> PROBLEM STATEMENT
Begin with the line that has "by rewrite -rmorph_sum". Give it and every line after it again, exactly, through the end of the entries below.

> STORED DATA

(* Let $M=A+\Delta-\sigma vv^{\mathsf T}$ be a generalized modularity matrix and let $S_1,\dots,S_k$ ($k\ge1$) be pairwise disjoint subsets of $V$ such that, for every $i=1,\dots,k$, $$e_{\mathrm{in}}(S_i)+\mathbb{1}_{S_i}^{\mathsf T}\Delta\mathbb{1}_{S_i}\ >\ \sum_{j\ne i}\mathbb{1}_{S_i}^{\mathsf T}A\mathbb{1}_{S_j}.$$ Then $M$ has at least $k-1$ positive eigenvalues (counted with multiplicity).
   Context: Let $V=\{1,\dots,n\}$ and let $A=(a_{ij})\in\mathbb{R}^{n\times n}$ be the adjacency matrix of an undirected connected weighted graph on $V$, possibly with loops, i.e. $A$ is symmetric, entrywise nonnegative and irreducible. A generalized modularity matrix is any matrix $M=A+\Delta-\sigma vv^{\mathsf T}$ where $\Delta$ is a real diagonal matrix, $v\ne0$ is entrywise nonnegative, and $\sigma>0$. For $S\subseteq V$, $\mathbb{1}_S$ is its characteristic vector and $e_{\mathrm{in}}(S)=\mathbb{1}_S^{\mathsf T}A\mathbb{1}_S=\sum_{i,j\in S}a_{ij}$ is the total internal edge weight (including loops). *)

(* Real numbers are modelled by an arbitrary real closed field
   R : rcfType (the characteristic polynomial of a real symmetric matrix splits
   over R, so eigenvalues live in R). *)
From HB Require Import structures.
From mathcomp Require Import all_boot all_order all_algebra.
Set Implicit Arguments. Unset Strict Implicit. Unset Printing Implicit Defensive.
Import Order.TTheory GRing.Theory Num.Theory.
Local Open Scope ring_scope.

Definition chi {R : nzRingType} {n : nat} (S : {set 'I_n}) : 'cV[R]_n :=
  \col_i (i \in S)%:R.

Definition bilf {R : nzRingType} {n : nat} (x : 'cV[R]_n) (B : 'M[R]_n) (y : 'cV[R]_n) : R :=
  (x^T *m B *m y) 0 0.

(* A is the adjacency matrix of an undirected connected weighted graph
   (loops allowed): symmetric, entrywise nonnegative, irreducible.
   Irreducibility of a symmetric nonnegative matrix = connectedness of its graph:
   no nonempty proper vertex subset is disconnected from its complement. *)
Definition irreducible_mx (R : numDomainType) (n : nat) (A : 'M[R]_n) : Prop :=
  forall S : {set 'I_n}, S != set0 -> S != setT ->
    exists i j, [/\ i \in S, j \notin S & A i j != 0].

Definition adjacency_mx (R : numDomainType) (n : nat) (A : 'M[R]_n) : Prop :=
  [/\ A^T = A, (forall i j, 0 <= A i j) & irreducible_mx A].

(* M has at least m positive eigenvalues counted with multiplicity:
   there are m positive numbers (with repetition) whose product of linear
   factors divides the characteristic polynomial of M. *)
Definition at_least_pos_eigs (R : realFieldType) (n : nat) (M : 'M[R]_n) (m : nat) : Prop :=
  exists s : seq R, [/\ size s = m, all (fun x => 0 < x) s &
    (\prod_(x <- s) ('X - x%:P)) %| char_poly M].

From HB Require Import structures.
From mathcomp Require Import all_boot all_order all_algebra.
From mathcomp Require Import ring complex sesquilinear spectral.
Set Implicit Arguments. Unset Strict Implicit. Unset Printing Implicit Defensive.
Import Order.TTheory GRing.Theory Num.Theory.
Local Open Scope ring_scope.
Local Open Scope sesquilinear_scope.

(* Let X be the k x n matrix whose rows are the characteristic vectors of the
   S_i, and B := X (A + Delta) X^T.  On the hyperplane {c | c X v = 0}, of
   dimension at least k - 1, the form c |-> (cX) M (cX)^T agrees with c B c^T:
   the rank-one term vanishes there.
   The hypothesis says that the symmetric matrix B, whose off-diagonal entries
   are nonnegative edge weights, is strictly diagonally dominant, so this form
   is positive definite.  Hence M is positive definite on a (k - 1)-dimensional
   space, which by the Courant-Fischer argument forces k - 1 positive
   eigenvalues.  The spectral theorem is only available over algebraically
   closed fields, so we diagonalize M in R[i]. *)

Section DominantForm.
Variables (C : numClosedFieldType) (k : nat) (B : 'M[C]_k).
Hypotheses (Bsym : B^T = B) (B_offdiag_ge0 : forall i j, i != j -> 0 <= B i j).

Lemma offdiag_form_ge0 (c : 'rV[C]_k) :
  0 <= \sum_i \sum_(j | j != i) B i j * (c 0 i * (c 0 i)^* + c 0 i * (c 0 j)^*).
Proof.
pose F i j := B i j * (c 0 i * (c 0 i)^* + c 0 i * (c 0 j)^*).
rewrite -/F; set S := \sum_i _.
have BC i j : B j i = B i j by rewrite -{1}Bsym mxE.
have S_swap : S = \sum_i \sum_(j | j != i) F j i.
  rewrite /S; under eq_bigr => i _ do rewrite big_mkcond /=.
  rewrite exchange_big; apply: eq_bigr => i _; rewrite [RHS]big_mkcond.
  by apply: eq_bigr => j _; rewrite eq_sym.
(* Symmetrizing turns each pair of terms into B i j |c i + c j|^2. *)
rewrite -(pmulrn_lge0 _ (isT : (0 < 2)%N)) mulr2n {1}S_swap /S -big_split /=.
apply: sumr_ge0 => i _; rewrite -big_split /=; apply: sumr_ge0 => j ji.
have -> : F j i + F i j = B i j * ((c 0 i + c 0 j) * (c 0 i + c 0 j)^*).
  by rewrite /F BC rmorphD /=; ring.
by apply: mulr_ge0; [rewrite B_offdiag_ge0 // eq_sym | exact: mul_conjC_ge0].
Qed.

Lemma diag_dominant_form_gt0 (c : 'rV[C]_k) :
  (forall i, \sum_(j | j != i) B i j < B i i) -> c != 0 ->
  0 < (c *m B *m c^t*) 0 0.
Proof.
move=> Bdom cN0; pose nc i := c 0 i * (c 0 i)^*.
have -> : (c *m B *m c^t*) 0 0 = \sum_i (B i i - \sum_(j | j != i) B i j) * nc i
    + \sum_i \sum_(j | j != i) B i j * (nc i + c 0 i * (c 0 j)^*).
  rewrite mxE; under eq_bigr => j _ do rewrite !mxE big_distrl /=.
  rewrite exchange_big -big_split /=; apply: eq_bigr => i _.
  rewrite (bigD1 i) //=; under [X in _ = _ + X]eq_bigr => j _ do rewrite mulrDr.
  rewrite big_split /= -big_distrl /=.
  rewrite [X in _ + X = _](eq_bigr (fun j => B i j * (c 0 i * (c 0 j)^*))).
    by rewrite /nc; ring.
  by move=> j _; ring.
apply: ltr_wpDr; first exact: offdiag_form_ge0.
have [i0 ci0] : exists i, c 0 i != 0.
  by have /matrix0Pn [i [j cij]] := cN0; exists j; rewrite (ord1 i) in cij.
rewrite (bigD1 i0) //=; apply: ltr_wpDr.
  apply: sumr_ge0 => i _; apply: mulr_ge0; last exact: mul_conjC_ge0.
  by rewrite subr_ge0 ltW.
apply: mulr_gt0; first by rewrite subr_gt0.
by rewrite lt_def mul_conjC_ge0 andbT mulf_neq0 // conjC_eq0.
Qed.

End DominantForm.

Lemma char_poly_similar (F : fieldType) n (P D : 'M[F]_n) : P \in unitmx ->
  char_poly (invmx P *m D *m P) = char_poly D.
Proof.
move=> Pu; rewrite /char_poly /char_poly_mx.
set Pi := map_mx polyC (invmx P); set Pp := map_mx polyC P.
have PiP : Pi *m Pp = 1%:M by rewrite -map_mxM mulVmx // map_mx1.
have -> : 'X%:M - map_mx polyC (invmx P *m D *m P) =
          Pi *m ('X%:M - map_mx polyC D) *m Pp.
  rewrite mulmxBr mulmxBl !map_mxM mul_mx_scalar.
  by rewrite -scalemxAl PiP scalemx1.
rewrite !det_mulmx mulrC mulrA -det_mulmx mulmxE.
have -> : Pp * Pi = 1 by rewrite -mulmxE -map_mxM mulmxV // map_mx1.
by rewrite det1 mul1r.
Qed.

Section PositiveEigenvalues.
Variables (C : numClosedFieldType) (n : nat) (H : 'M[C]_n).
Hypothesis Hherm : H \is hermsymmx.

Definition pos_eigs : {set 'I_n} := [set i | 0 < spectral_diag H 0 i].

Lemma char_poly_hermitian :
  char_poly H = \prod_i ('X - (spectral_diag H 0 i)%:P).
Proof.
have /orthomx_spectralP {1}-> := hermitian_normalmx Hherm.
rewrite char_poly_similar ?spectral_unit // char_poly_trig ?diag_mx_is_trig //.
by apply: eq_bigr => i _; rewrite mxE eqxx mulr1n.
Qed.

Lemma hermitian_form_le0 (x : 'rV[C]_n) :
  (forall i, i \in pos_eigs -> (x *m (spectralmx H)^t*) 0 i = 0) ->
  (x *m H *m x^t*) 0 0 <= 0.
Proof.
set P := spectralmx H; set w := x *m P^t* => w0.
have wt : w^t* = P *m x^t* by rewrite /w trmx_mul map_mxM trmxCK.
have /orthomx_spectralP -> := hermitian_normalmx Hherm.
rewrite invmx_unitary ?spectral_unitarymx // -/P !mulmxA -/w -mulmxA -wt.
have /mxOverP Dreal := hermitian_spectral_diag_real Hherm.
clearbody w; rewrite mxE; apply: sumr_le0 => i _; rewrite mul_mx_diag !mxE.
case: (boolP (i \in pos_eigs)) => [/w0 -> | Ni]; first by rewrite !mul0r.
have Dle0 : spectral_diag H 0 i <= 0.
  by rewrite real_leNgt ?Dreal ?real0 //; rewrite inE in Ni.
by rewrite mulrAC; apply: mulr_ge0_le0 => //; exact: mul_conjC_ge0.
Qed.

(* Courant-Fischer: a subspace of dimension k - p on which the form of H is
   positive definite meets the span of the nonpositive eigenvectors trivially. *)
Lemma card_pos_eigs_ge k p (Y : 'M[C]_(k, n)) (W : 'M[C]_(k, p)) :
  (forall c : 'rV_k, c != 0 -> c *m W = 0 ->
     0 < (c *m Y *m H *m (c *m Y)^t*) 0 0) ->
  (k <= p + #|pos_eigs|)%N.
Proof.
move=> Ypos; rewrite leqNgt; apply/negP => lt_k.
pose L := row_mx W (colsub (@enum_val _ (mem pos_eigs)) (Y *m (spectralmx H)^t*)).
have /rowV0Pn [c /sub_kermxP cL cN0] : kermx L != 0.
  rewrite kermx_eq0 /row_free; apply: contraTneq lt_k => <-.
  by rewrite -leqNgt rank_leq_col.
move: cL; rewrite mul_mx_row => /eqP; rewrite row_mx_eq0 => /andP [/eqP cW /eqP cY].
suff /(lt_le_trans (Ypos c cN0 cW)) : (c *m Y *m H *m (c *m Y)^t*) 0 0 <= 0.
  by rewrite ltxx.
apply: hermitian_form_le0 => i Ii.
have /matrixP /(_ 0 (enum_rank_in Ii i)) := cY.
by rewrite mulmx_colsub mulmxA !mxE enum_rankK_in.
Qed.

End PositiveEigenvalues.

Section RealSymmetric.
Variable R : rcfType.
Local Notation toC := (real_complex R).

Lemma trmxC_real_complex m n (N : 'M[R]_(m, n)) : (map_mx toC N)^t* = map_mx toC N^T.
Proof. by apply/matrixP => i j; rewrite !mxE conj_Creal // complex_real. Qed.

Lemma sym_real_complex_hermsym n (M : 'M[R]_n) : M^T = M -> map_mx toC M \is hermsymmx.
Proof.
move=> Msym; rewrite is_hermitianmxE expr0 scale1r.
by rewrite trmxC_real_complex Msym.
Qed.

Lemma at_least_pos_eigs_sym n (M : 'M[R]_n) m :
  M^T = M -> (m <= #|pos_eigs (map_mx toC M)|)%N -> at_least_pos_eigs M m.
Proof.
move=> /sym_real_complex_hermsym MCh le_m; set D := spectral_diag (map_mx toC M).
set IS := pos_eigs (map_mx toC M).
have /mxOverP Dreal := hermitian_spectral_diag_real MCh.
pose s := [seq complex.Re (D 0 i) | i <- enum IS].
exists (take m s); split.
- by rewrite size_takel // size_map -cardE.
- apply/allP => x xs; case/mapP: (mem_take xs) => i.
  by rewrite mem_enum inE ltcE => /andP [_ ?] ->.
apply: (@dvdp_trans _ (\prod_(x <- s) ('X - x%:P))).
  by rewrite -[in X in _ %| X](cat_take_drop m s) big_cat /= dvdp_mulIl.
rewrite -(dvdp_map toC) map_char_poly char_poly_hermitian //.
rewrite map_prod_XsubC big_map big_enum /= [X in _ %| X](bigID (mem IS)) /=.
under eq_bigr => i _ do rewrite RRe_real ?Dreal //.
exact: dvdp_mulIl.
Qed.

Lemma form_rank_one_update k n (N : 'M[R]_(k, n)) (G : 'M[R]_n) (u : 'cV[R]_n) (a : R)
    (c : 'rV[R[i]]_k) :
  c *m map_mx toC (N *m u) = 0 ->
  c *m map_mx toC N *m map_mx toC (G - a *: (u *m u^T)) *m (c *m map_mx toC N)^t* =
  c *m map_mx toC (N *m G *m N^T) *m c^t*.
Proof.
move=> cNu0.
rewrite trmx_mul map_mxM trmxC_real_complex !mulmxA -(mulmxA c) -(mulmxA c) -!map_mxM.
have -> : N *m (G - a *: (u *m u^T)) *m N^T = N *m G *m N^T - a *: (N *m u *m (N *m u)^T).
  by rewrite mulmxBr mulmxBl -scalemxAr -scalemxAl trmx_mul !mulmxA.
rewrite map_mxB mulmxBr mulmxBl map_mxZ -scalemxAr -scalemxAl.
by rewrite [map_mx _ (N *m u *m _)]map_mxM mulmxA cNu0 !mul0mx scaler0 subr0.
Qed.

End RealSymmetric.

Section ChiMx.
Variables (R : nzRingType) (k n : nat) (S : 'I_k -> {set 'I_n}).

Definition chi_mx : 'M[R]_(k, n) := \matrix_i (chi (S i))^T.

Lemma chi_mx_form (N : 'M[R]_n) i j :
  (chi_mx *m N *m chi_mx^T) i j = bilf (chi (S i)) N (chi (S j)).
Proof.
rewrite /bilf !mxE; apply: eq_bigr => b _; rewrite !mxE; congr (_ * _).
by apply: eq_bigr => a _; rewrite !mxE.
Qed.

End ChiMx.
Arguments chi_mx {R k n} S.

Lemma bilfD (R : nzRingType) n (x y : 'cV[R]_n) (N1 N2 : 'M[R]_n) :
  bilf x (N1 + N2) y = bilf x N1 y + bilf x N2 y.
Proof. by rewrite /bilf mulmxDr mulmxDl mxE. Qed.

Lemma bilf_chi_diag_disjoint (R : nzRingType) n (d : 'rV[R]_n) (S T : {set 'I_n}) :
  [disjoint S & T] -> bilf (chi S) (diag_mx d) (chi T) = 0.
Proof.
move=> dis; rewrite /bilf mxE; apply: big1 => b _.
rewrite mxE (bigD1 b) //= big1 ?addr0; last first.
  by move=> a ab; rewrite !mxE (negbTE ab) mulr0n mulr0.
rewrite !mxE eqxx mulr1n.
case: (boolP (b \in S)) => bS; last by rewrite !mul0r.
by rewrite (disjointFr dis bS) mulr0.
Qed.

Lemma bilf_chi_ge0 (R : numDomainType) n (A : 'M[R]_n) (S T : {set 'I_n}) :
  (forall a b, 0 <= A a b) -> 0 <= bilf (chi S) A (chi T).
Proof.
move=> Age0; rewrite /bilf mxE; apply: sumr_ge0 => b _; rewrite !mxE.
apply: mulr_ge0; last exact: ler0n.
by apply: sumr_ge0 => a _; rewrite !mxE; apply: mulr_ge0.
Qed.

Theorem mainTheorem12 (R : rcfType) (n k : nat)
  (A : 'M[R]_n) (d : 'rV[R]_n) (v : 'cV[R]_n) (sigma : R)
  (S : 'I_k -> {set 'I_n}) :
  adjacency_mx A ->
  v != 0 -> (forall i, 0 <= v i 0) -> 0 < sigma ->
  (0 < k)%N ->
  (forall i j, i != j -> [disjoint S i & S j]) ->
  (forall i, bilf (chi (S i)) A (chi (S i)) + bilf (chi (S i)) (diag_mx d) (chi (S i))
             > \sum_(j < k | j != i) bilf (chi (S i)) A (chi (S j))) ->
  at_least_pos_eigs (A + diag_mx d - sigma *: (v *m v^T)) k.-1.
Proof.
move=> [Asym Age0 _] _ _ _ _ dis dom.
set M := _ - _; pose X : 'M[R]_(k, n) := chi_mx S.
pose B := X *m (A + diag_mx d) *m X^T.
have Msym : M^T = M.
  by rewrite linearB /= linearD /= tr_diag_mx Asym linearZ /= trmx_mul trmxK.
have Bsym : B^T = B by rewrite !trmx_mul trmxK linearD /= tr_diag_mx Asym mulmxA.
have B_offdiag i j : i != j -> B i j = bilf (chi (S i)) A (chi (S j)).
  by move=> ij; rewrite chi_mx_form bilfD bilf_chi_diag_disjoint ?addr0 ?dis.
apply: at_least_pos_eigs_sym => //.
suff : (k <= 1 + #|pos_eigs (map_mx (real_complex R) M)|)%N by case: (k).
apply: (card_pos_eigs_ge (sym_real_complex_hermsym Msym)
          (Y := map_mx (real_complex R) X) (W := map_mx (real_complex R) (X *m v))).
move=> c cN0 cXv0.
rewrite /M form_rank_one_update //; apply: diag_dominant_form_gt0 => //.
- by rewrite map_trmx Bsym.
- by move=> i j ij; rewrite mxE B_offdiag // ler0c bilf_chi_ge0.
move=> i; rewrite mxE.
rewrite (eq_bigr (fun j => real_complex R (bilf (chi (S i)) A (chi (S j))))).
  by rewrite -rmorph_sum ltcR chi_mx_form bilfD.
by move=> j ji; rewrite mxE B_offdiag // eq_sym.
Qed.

> ANSWER TO THE PROBLEM
  by rewrite -rmorph_sum ltcR chi_mx_form bilfD.
by move=> j ji; rewrite mxE B_offdiag // eq_sym.
Qed.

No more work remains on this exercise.